Abstract

Summary The batholith invades quartzites, sandstones, sandy shales and shales of the Karagwe-Ankolean System, which were sharply folded before the emplacement of the granite. The structures show that the invaded rocks were not swept aside, but that areas formerly occupied by country rocks are now occupied by granite. The granite is remarkably uniform in character over the greater part of the batholith and is principally a pink or reddish, coarse-grained, porphyritic rock, with large felspar phenocrysts. A finer- and more even-grained marginal variety is often found. The Karagwe-Ankolean sediments, in addition to showing increasing metamorphism of regional type towards the southern part of the area, are also contact-metamorphosed by the granite. Progressive recrystallization of original clastic grains of quartz to form a quartz mosaic, and reconstitution of other constituents into sericite and muscovite, are traceable. Certain of the marginal “granites” contain sericite in place of felspar and are only distinguishable from contact-altered sediments by the absence of bedding.

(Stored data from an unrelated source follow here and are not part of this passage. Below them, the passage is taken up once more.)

(* Let $p>0$ and let $f$ be twice continuously differentiable on $[0,p]$, such that $f'''$ exists and is bounded in a neighborhood of $s=0$. Then, as $b\to 0^+$, $$\int_0^p f(s)\left(\sqrt{s^2+b^2}-s\right)ds=-\frac{f(0)}{2}\,b^2\ln b+\left(\frac{f(0)}{4}+\frac{f(0)\ln 2}{2}+\frac{f(p)\ln p}{2}-\frac12\int_0^p f'(s)\ln s\,ds\right)b^2+O(b^3).$$ *)

From Stdlib Require Import Reals Lra.
Open Scope R_scope.

Definition has_deriv_on (g g' : R -> R) (a b : R) : Prop :=
  forall x, a <= x <= b ->
    limit1_in (fun h => (g (x + h) - g x) / h)
              (fun h => h <> 0 /\ a <= x + h <= b) (g' x) 0.

Definition cont_on (g : R -> R) (a b : R) : Prop :=
  forall x, a <= x <= b -> limit1_in g (fun y => a <= y <= b) (g x) x.

Definition is_RInt (g : R -> R) (a b v : R) : Prop :=
  exists pr : Riemann_integrable g a b, RiemannInt pr = v.

Definition improper_int0 (g : R -> R) (p I : R) : Prop :=
  forall eps, 0 < eps -> exists del, 0 < del /\
    forall e, 0 < e < del -> e < p ->
      exists v, is_RInt g e p v /\ Rabs (v - I) < eps.

(* Write f s = f 0 + s q s with q the divided difference, and put
   g_b s = sqrt (s^2 + b^2) - s.  Then b^2/2 - s g_b s is nonnegative with
   integral over [0,p] at most b^3/3, so
     int_0^p f g_b = f 0 int_0^p g_b + (b^2/2) int_0^p q + O(b^3),
   where int_0^p g_b is explicit and has the expansion of the statement with
   f = 1.  Integrating by parts against f - f 0 gives
     int_e^p f' ln = (f p - f 0) ln p - (f e - f 0) ln e - int_e^p q,
   which converges as e -> 0 and identifies int_0^p q. *)

From Coquelicot Require Import Coquelicot.
From Stdlib Require Import Reals Lra Psatz.
Open Scope R_scope.

Ltac continuity_pt_tac :=
  repeat first
    [ solve [auto]
    | apply continuity_pt_const; intros ? ?; reflexivity
    | apply derivable_continuous_pt, derivable_pt_id
    | apply continuity_pt_minus
    | apply continuity_pt_plus
    | apply continuity_pt_opp
    | apply continuity_pt_mult ].

Lemma has_deriv_on_spec g g' a b x : has_deriv_on g g' a b -> a <= x <= b ->
  forall eps, 0 < eps -> exists alp, 0 < alp /\ forall h, h <> 0 -> a <= x + h <= b ->
    Rabs h < alp -> Rabs ((g (x + h) - g x) / h - g' x) < eps.
Proof.
  intros H hx eps heps. destruct (H x hx eps heps) as [alp [halp Hq]].
  exists alp. split; [exact halp|]. intros h h0 hr hl.
  apply (Hq h). split; [tauto|]. simpl. unfold R_dist. rewrite Rminus_0_r. exact hl.
Qed.

Lemma has_deriv_on_continuous_within g g' a b x : has_deriv_on g g' a b -> a <= x <= b ->
  forall eps, 0 < eps -> exists d, 0 < d /\
    forall y, a <= y <= b -> Rabs (y - x) < d -> Rabs (g y - g x) < eps.
Proof.
  intros H hx eps heps.
  destruct (has_deriv_on_spec g g' a b x H hx 1 Rlt_0_1) as [alp [halp Hq]].
  set (M := Rabs (g' x) + 1).
  assert (hM : 0 < M) by (unfold M; pose proof (Rabs_pos (g' x)); lra).
  exists (Rmin alp (eps / M)). split.
  { apply Rmin_glb_lt; [exact halp | apply Rdiv_lt_0_compat; lra]. }
  intros y hy hyx.
  destruct (Req_dec y x) as [->|hne]; [rewrite Rminus_diag, Rabs_R0; exact heps|].
  assert (hq := Hq (y - x) ltac:(lra)). replace (x + (y - x)) with y in hq by ring.
  set (q := (g y - g x) / (y - x)) in hq.
  assert (hqM : Rabs q <= M).
  { assert (Rabs (q - g' x) < 1) by (apply hq; [exact hy | eapply Rlt_le_trans; [exact hyx | apply Rmin_l]]).
    replace q with ((q - g' x) + g' x) by ring. pose proof (Rabs_triang (q - g' x) (g' x)).
    unfold M; lra. }
  assert (hyx' : Rabs (y - x) * M < eps).
  { apply (Rmult_lt_reg_r (/ M)); [apply Rinv_0_lt_compat; lra|].
    rewrite Rmult_assoc, Rinv_r by lra. rewrite Rmult_1_r.
    eapply Rlt_le_trans; [exact hyx | apply Rmin_r]. }
  replace (g y - g x) with ((y - x) * q) by (unfold q; field; lra).
  rewrite Rabs_mult. pose proof (Rabs_pos (y - x)). nra.
Qed.

Definition clamp (p s : R) : R := Rmax 0 (Rmin p s).

(* C^1 on all of R when f is C^1 on [0,p]; the FTC of Coquelicot needs
   two-sided derivatives at the endpoints. *)
Definition lin_ext (p : R) (f f1 : R -> R) (s : R) : R :=
  f (clamp p s) + f1 (clamp p s) * (s - clamp p s).

Section TangentExtension.

Variable p : R.
Hypothesis hp : 0 < p.

Lemma clamp_id s : 0 <= s <= p -> clamp p s = s.
Proof. intros. unfold clamp, Rmax, Rmin; repeat destruct Rle_dec; lra. Qed.

Lemma clamp_lt s : s < 0 -> clamp p s = 0.
Proof. intros. unfold clamp, Rmax, Rmin; repeat destruct Rle_dec; lra. Qed.

Lemma clamp_gt s : p < s -> clamp p s = p.
Proof. intros. unfold clamp, Rmax, Rmin; repeat destruct Rle_dec; lra. Qed.

Lemma clamp_range s : 0 <= clamp p s <= p.
Proof. unfold clamp, Rmax, Rmin; repeat destruct Rle_dec; lra. Qed.

Lemma clamp_lipschitz s t : Rabs (clamp p s - clamp p t) <= Rabs (s - t).
Proof.
  unfold clamp, Rmax, Rmin; repeat destruct Rle_dec; unfold Rabs; repeat destruct Rcase_abs; lra.
Qed.

Lemma endpoint_margin x : 0 <= x <= p -> exists m, 0 < m /\
  forall y, Rabs (y - x) < m -> (y < 0 -> x = 0) /\ (p < y -> x = p).
Proof.
  intros hx.
  destruct (Req_dec x 0) as [->|h0].
  { exists p. split; [exact hp|]. intros y hy. apply Rabs_def2 in hy. lra. }
  destruct (Req_dec x p) as [->|h1].
  { exists p. split; [exact hp|]. intros y hy. apply Rabs_def2 in hy. lra. }
  exists (Rmin x (p - x)). split; [apply Rmin_glb_lt; lra|].
  intros y hy. apply Rabs_def2 in hy.
  pose proof (Rmin_l x (p - x)). pose proof (Rmin_r x (p - x)). lra.
Qed.

Variables f f1 : R -> R.

Lemma lin_ext_id s : 0 <= s <= p -> lin_ext p f f1 s = f s.
Proof. intros hs. unfold lin_ext. rewrite clamp_id by exact hs. ring. Qed.

Lemma lin_ext_lt s : s < 0 -> lin_ext p f f1 s = f 0 + f1 0 * s.
Proof. intros hs. unfold lin_ext. rewrite clamp_lt by exact hs. ring. Qed.

Lemma lin_ext_gt s : p < s -> lin_ext p f f1 s = f p + f1 p * (s - p).
Proof. intros hs. unfold lin_ext. rewrite clamp_gt by exact hs. reflexivity. Qed.

Lemma derivable_pt_lim_lin_ext x : has_deriv_on f f1 0 p ->
  derivable_pt_lim (lin_ext p f f1) x (f1 (clamp p x)).
Proof.
  intros Hf eps heps.
  destruct (Rlt_dec x 0) as [hx0|hx0].
  { exists (mkposreal (- x) ltac:(lra)). simpl. intros h h0 hh. apply Rabs_def2 in hh.
    rewrite clamp_lt, !lin_ext_lt by lra.
    replace ((f 0 + f1 0 * (x + h) - (f 0 + f1 0 * x)) / h - f1 0) with 0 by (field; exact h0).
    rewrite Rabs_R0; exact heps. }
  destruct (Rlt_dec p x) as [hxp|hxp].
  { exists (mkposreal (x - p) ltac:(lra)). simpl. intros h h0 hh. apply Rabs_def2 in hh.
    rewrite clamp_gt, !lin_ext_gt by lra.
    replace ((f p + f1 p * (x + h - p) - (f p + f1 p * (x - p))) / h - f1 p) with 0 by (field; exact h0).
    rewrite Rabs_R0; exact heps. }
  assert (hx : 0 <= x <= p) by lra.
  rewrite clamp_id, (lin_ext_id x) by exact hx.
  destruct (has_deriv_on_spec f f1 0 p x Hf hx eps heps) as [alp [halp Hq]].
  destruct (endpoint_margin x hx) as [m [hm Hm]].
  exists (mkposreal (Rmin alp m) (Rmin_glb_lt _ _ _ halp hm)). simpl. intros h h0 hh.
  assert (h1 : Rabs h < alp) by (eapply Rlt_le_trans; [exact hh | apply Rmin_l]).
  destruct (Hm (x + h)) as [Hlt Hgt].
  { replace (x + h - x) with h by ring. eapply Rlt_le_trans; [exact hh | apply Rmin_r]. }
  destruct (Rlt_dec (x + h) 0) as [c0|c0]; [|destruct (Rlt_dec p (x + h)) as [c1|c1]].
  - specialize (Hlt c0). subst x. rewrite lin_ext_lt by exact c0.
    replace ((f 0 + f1 0 * (0 + h) - f 0) / h - f1 0) with 0 by (field; exact h0).
    rewrite Rabs_R0; exact heps.
  - specialize (Hgt c1). subst x. rewrite lin_ext_gt by exact c1.
    replace ((f p + f1 p * (p + h - p) - f p) / h - f1 p) with 0 by (field; exact h0).
    rewrite Rabs_R0; exact heps.
  - rewrite lin_ext_id by lra. apply Hq; [exact h0 | lra | exact h1].
Qed.

Lemma continuity_pt_clamp_comp g g' x : has_deriv_on g g' 0 p ->
  continuity_pt (fun s => g (clamp p s)) x.
Proof.
  intros Hg eps heps.
  destruct (has_deriv_on_continuous_within g g' 0 p (clamp p x) Hg (clamp_range x) eps heps)
    as [d [hd K]].
  exists d. split; [exact hd|]. intros y [_ hy]. simpl in *. unfold R_dist in *.
  apply K; [apply clamp_range|]. eapply Rle_lt_trans; [apply clamp_lipschitz | exact hy].
Qed.

End TangentExtension.

Definition divdiff (F : R -> R) (c s : R) : R :=
  if Req_EM_T s 0 then c else (F s - F 0) / s.

Lemma divdiff_spec F c s : F s = F 0 + s * divdiff F c s.
Proof. unfold divdiff. destruct Req_EM_T as [->|hs]; [ring | field; exact hs]. Qed.

Lemma continuity_pt_divdiff F F' x : (forall y, derivable_pt_lim F y (F' y)) ->
  continuity_pt (divdiff F (F' 0)) x.
Proof.
  intros HF.
  destruct (Req_dec x 0) as [->|hx].
  - intros eps heps. destruct (HF 0 eps heps) as [d K].
    exists d. split; [apply cond_pos|]. intros y [_ hy]. simpl in *. unfold R_dist in *.
    rewrite Rminus_0_r in hy. unfold divdiff.
    destruct (Req_EM_T 0 0) as [_|]; [|lra].
    destruct (Req_EM_T y 0) as [->|hy0]; [rewrite Rminus_diag, Rabs_R0; exact heps|].
    specialize (K y hy0 hy). rewrite Rplus_0_l in K. exact K.
  - apply (continuity_pt_locally_ext (fun s => (F s - F 0) / s) _ (Rabs x));
      [apply Rabs_pos_lt, hx | |].
    + intros y hy. unfold Rdist in hy. unfold divdiff.
      destruct Req_EM_T as [->|]; [|reflexivity].
      rewrite Rminus_0_l, Rabs_Ropp in hy. lra.
    + assert (HFc : continuity_pt F x) by (apply derivable_continuous_pt; exists (F' x); apply HF).
      apply continuity_pt_div; [continuity_pt_tac | continuity_pt_tac | exact hx].
Qed.

Lemma bounded_on_of_continuity_pt (g : R -> R) a b : a <= b ->
  (forall x, continuity_pt g x) ->
  exists L, forall s, a <= s <= b -> Rabs (g s) <= L.
Proof.
  intros hab H.
  destruct (continuity_ab_maj (fun s => Rabs (g s)) a b hab) as [M [HM _]].
  { intros c _. apply continuity_pt_comp with (f1 := g) (f2 := Rabs); [apply H|].
    apply Rcontinuity_abs. }
  exists (Rabs (g M)). exact HM.
Qed.

Lemma continuity_pt_ln x : 0 < x -> continuity_pt ln x.
Proof. intros hx. apply derivable_continuous_pt. exists (/ x). apply derivable_pt_lim_ln, hx. Qed.

Lemma ex_RInt_continuity_pt g a b : a <= b ->
  (forall x, a <= x <= b -> continuity_pt g x) -> ex_RInt g a b.
Proof.
  intros hab H. apply (@ex_RInt_continuous R_CompleteNormedModule).
  rewrite Rmin_left, Rmax_right by exact hab.
  intros z hz. apply continuity_pt_filterlim, H, hz.
Qed.

Lemma RInt_Rplus f g a b : ex_RInt f a b -> ex_RInt g a b ->
  RInt (fun x => f x + g x) a b = RInt f a b + RInt g a b :> R.
Proof. intros Hf Hg. exact (RInt_plus f g a b Hf Hg). Qed.

Lemma RInt_Rmult_l c f a b : ex_RInt f a b ->
  RInt (fun x => c * f x) a b = c * RInt f a b :> R.
Proof. intros Hf. exact (RInt_scal f a b c Hf). Qed.
(* Jensen's inequality for the convex map [q |-> q^2 / (D + q)], proved by
   summing [amgm_share] with the optimal parameter [l = (D + o) / o]. *)
Lemma push_occ_sqr_share_le x (D o : R) : (0 <= D)%R -> push_occ w x = o%:E ->
  (o ^+ 2 / (D + o))%:E
    <= pairsum (fun j a => w j a * K j a x * (K j a x / (D + K j a x)))%R.
Proof.
move=> D0 occE; have o0 : (0 <= o)%R by rewrite -lee_fin -occE push_occ_ge0.
set F := (fun j a => w j a * K j a x * (K j a x / (D + K j a x)))%R.
have F0 j a : (0 <= F j a)%R by rewrite /F !mulr_ge0 // invr_ge0 addr_ge0.
have [->|on0] := eqVneq o 0%R; first by rewrite expr0n /= mul0r pairsum_ge0.
have op : (0 < o)%R by rewrite lt0r on0.
set l := ((D + o) / o)%R.
have lp : (0 < l)%R by rewrite divr_gt0 //; lra.
have wK_sum : pairsum (fun j a => w j a * K j a x)%R = o%:E := occE.
have wK0 j a : (0 <= w j a * K j a x)%R by rewrite mulr_ge0.
have lV0 : (0 <= l^-1)%R by rewrite invr_ge0 ltW.
have Dl0 : (0 <= D / l)%R by rewrite divr_ge0 // ltW.
have amgm_lhs : pairsum (fun j a => 2 * (w j a * K j a x))%R = (2 * o)%:E.
  by rewrite EFinM -wK_sum pairsumZ.
have amgm_rhs : pairsum (fun j a => l * F j a + (D / l * w j a + l^-1 * (w j a * K j a x)))%R
    = l%:E * pairsum F + ((D / l)%:E * pairsum w + (l^-1)%R%:E * o%:E).
  rewrite pairsumD => [|j a|j a]; last 2 first.
  - exact: mulr_ge0 (ltW lp) (F0 j a).
  - exact: addr_ge0 (mulr_ge0 Dl0 (w_ge0 j a)) (mulr_ge0 lV0 (wK0 j a)).
  rewrite pairsumZ ?(ltW lp) // pairsumD => [|j a|j a]; last 2 first.
  - exact: mulr_ge0 Dl0 (w_ge0 j a).
  - exact: mulr_ge0 lV0 (wK0 j a).
  by rewrite -wK_sum !pairsumZ.
have amgm : (2 * o)%:E <= l%:E * pairsum F + ((D / l)%:E * pairsum w + (l^-1)%R%:E * o%:E).
  by rewrite -amgm_lhs -amgm_rhs; apply: le_pairsum => j a; apply: amgm_share.
have mass : (D / l)%:E * pairsum w <= (D / l)%:E.
  by rewrite -[leRHS]mule1 lee_wpmul2l // lee_fin divr_ge0 // ltW.
move: (pairsum_ge0 F0) amgm; case: (pairsum F) => [s| |]; [|by move=> *; rewrite leey|by []].
rewrite lee_fin => s0 amgm.
have {}amgm : (2 * o <= l * s + (D / l + l^-1 * o))%R.
  rewrite -lee_fin; apply: (le_trans amgm); rewrite !EFinD !EFinM leeD2l //.
  by rewrite -EFinM leeD2r.
have -> : (o ^+ 2 / (D + o) = o / l)%R by rewrite /l; field; rewrite !gt_eqF //; lra.
have lo : (D / l + l^-1 * o = o)%R by rewrite /l; field; rewrite !gt_eqF //; lra.
by rewrite lee_fin ler_pdivrMr // mulrC; lra.
Qed.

The sericite always exhibits replacement relations towards the quartz and is believed, in part at least, to represent an intermediate stage in the development of felspar. Even in the coarse-grained granites, quartz was always the earliest mineral to form and was replaced successively by two generations of potash felspar as well as by oligoclase. The various felspars also show mutual replacement relations, while the phenocrysts of perthite were formed at a late stage in the development of the granite. It is believed that the granite never existed wholly as a magma or melt, but that it evolved by a series of replacements, effected by differential fixation in time and place of a succession of introductions from below and of materials displaced within the body itself.